— Records for processing —
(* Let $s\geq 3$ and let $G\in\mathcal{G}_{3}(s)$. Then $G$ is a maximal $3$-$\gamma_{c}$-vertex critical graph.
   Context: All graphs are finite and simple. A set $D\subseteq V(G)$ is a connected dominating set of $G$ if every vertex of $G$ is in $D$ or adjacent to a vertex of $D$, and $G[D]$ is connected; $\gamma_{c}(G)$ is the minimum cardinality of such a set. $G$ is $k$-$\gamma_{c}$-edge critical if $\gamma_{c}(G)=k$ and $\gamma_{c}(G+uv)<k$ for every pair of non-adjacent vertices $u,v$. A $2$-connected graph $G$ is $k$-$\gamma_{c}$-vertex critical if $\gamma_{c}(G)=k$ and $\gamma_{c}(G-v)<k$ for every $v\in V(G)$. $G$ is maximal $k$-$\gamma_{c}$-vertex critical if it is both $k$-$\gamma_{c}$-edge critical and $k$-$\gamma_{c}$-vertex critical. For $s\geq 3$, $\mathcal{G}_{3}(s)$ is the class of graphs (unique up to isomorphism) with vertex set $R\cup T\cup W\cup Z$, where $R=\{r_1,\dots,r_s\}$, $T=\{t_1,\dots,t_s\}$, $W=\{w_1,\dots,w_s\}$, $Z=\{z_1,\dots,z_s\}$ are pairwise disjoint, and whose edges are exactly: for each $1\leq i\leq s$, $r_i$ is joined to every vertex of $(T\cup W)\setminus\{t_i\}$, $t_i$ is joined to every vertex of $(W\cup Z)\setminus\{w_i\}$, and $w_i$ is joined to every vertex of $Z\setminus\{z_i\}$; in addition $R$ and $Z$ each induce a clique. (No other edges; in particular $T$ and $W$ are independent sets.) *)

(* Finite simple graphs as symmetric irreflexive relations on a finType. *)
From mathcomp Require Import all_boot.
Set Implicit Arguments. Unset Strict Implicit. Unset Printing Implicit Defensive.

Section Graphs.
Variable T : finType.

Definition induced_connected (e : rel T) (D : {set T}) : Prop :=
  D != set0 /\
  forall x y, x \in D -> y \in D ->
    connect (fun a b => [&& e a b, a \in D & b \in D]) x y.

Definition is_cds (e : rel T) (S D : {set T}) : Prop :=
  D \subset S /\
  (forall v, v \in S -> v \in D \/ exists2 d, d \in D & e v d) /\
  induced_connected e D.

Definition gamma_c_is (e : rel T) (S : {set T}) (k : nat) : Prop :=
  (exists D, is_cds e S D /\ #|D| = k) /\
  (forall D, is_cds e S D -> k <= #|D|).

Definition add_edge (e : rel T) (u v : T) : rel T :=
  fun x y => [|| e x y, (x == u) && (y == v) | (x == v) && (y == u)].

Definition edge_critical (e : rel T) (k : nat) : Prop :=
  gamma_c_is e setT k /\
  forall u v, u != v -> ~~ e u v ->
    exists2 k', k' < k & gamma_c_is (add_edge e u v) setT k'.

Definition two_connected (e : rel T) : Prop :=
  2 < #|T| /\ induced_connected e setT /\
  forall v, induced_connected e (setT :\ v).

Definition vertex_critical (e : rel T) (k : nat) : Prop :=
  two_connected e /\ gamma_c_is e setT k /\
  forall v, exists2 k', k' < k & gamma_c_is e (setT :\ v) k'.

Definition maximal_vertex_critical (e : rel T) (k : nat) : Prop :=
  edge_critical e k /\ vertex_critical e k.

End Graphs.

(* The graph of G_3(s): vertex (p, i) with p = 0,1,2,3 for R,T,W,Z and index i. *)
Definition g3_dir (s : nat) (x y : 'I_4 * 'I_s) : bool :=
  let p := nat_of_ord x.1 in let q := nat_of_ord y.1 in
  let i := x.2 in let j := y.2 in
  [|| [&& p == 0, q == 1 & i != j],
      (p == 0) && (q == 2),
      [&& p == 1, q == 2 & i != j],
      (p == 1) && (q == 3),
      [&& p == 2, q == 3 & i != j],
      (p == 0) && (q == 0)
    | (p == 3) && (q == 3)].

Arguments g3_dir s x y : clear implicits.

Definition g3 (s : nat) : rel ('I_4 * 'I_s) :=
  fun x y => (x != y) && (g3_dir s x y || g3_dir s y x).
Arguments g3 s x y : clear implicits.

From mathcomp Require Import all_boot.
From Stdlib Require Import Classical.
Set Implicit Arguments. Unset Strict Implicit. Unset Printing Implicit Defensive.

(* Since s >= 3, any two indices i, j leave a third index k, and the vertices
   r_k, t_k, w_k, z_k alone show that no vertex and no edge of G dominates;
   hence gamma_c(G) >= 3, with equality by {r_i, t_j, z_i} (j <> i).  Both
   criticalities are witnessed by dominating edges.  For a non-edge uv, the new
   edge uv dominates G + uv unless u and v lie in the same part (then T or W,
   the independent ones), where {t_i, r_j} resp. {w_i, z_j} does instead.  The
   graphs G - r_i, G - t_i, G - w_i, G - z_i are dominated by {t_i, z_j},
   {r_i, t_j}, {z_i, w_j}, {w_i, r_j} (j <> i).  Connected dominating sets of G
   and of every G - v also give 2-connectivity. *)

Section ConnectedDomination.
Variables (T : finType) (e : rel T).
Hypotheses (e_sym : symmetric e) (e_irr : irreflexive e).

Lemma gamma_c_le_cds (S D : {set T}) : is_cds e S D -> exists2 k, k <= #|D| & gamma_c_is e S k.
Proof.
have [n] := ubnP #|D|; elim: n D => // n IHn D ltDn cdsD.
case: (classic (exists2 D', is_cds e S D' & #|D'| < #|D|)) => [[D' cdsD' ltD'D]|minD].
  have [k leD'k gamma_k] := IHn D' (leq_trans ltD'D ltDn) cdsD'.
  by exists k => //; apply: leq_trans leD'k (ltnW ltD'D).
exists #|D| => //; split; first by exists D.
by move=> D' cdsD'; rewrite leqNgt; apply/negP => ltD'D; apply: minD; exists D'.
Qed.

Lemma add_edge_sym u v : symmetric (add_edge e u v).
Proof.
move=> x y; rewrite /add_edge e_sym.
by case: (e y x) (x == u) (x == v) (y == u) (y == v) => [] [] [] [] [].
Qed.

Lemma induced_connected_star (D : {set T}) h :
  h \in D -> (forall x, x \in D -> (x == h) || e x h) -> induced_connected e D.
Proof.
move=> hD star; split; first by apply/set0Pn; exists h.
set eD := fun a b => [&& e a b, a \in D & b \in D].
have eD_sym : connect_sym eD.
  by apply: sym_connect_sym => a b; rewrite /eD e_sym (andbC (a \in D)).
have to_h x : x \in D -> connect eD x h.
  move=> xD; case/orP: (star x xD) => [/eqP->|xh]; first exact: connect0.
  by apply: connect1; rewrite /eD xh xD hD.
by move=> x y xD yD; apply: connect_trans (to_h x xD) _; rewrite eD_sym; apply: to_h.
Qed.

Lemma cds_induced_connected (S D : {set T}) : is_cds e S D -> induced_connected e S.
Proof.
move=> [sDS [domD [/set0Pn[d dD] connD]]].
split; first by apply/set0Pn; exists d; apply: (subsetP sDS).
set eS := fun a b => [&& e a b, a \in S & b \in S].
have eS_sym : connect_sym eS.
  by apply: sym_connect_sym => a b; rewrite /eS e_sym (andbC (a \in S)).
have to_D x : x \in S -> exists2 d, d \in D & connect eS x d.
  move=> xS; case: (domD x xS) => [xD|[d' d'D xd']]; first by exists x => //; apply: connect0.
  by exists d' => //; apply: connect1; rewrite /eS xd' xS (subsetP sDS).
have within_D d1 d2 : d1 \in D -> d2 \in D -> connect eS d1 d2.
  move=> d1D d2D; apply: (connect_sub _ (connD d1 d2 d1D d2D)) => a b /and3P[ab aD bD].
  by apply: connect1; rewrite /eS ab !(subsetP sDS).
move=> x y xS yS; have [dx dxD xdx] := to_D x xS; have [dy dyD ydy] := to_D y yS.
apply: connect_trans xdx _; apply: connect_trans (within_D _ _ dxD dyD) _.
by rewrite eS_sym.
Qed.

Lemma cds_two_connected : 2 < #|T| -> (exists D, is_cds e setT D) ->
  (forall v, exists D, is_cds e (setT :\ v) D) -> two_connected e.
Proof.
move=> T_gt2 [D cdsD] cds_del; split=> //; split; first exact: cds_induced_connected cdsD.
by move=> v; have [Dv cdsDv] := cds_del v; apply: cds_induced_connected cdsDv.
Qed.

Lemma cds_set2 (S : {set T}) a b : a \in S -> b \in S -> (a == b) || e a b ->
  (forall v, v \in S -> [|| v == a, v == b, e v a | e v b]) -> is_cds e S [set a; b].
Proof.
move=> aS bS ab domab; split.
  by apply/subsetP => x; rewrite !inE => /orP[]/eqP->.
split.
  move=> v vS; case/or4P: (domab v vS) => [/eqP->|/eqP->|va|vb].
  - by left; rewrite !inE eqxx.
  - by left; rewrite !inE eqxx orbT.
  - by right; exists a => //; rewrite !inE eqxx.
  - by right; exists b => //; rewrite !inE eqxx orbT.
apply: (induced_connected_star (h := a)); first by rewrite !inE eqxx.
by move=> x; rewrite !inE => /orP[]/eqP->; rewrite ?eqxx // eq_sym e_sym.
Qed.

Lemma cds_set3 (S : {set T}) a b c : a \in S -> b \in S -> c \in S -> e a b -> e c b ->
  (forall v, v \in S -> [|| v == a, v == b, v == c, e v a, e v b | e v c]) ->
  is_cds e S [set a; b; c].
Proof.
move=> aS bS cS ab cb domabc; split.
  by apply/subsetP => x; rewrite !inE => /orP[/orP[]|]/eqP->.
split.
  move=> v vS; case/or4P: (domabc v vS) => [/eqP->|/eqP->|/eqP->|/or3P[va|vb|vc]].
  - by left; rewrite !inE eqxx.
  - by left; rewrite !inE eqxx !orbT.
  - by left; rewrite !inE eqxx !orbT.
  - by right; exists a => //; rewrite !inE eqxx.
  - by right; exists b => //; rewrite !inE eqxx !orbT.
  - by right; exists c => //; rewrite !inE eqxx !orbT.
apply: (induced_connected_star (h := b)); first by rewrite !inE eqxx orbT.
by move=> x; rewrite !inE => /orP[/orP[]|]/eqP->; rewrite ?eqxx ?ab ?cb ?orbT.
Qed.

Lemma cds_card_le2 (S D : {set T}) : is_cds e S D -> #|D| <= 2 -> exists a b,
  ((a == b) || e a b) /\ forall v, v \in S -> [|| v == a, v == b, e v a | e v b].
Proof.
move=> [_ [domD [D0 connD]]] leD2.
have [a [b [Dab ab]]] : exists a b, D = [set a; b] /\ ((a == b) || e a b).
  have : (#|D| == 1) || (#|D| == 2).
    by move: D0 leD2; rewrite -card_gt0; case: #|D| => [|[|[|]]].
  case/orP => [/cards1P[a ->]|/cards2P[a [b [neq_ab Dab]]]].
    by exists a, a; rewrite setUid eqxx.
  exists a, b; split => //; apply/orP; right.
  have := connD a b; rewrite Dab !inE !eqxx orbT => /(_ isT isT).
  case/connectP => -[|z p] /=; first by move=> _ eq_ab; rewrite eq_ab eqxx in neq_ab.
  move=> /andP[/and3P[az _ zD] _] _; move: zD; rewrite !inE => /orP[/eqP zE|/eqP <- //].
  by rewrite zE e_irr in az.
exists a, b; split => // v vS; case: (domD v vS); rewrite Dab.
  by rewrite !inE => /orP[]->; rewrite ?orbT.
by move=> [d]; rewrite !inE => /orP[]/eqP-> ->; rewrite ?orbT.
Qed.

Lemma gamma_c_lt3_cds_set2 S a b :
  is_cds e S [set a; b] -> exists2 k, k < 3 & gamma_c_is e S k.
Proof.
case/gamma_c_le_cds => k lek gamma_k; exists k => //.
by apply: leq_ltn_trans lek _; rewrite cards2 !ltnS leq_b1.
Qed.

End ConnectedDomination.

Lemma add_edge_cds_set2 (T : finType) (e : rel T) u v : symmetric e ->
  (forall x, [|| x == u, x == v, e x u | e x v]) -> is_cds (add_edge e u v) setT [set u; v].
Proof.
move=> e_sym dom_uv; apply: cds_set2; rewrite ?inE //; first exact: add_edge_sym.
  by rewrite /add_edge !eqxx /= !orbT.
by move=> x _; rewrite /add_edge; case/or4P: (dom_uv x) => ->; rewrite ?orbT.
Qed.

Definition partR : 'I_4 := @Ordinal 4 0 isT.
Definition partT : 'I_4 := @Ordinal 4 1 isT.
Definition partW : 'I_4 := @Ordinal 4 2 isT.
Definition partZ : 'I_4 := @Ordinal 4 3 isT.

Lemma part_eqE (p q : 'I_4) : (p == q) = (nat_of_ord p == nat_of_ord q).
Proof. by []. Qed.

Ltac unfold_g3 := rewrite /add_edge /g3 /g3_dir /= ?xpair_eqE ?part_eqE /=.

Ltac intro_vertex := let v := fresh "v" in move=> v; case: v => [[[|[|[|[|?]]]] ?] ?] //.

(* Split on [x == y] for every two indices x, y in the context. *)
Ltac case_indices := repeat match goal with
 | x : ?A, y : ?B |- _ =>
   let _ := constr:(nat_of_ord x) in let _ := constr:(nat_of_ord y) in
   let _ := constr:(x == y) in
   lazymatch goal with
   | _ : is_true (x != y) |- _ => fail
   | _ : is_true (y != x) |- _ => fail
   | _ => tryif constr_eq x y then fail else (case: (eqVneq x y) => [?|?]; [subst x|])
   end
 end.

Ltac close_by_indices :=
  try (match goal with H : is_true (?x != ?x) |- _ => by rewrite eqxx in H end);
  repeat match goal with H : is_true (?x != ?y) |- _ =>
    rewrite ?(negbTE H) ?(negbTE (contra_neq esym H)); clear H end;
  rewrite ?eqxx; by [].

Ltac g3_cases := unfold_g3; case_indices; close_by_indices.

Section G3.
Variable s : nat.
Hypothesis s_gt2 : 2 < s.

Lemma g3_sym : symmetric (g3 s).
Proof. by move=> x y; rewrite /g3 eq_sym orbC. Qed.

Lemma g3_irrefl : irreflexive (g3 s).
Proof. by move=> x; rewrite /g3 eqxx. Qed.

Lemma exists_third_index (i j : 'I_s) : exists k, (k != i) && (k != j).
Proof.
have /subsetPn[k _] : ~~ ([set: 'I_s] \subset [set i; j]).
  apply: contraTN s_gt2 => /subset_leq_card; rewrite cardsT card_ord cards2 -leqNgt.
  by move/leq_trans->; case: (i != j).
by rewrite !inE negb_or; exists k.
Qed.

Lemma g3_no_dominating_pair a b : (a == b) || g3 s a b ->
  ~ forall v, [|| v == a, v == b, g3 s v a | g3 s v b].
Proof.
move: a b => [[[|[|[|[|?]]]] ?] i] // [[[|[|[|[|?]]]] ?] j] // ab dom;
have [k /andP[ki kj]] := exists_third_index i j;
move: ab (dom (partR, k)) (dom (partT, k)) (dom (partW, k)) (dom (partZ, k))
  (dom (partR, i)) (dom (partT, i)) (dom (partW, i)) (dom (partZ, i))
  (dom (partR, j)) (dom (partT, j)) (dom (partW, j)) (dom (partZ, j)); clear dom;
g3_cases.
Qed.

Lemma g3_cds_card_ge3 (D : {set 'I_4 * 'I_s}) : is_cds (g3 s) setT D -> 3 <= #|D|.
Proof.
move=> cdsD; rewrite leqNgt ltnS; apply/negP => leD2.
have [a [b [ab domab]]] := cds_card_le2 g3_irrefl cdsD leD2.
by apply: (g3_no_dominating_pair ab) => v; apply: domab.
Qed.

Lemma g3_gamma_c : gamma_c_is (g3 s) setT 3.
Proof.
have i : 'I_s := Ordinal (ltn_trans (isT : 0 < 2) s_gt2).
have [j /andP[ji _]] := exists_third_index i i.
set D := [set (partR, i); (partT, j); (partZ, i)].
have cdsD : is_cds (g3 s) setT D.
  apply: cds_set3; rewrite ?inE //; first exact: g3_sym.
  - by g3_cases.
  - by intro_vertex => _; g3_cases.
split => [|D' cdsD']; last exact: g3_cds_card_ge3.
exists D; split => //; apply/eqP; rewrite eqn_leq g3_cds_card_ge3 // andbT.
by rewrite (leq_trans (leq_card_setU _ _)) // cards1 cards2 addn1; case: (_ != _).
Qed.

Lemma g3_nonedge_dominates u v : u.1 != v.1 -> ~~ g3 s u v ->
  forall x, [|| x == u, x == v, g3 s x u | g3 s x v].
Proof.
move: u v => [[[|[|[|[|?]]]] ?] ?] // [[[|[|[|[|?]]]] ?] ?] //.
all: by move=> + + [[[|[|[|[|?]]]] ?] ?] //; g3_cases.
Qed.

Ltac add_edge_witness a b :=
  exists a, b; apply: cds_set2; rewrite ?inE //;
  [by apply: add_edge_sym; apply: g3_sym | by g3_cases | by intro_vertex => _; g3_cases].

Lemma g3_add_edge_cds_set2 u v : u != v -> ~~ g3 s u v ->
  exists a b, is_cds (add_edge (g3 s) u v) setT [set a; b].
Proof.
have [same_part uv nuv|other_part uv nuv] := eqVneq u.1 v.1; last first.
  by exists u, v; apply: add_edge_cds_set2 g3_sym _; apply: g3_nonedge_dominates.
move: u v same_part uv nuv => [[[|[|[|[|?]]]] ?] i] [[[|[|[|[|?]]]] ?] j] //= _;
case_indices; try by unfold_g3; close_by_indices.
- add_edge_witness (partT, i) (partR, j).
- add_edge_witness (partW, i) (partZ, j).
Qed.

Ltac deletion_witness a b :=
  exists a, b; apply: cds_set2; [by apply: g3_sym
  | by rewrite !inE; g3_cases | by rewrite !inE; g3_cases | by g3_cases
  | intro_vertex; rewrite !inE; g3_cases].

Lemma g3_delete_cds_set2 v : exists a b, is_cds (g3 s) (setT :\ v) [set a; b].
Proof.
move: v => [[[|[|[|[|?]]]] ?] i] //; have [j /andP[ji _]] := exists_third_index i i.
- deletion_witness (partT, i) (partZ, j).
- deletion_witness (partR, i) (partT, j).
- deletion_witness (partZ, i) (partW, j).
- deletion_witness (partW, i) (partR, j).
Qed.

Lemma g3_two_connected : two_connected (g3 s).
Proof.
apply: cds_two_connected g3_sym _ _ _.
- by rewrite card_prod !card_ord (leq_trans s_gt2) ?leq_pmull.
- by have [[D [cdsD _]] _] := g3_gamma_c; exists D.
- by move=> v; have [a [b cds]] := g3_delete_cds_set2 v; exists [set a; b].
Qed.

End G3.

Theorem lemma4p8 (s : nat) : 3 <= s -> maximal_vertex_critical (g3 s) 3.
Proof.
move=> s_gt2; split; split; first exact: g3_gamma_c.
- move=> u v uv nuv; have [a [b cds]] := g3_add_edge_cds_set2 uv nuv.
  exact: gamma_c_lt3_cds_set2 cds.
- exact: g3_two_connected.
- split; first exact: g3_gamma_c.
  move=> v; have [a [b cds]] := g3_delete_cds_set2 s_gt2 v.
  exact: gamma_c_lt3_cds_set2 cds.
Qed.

— Instructions for the task —
When a line in the listing includes the word "ConnectedDomination", report that line in full.

— Completed exercise —
Section ConnectedDomination.
End ConnectedDomination.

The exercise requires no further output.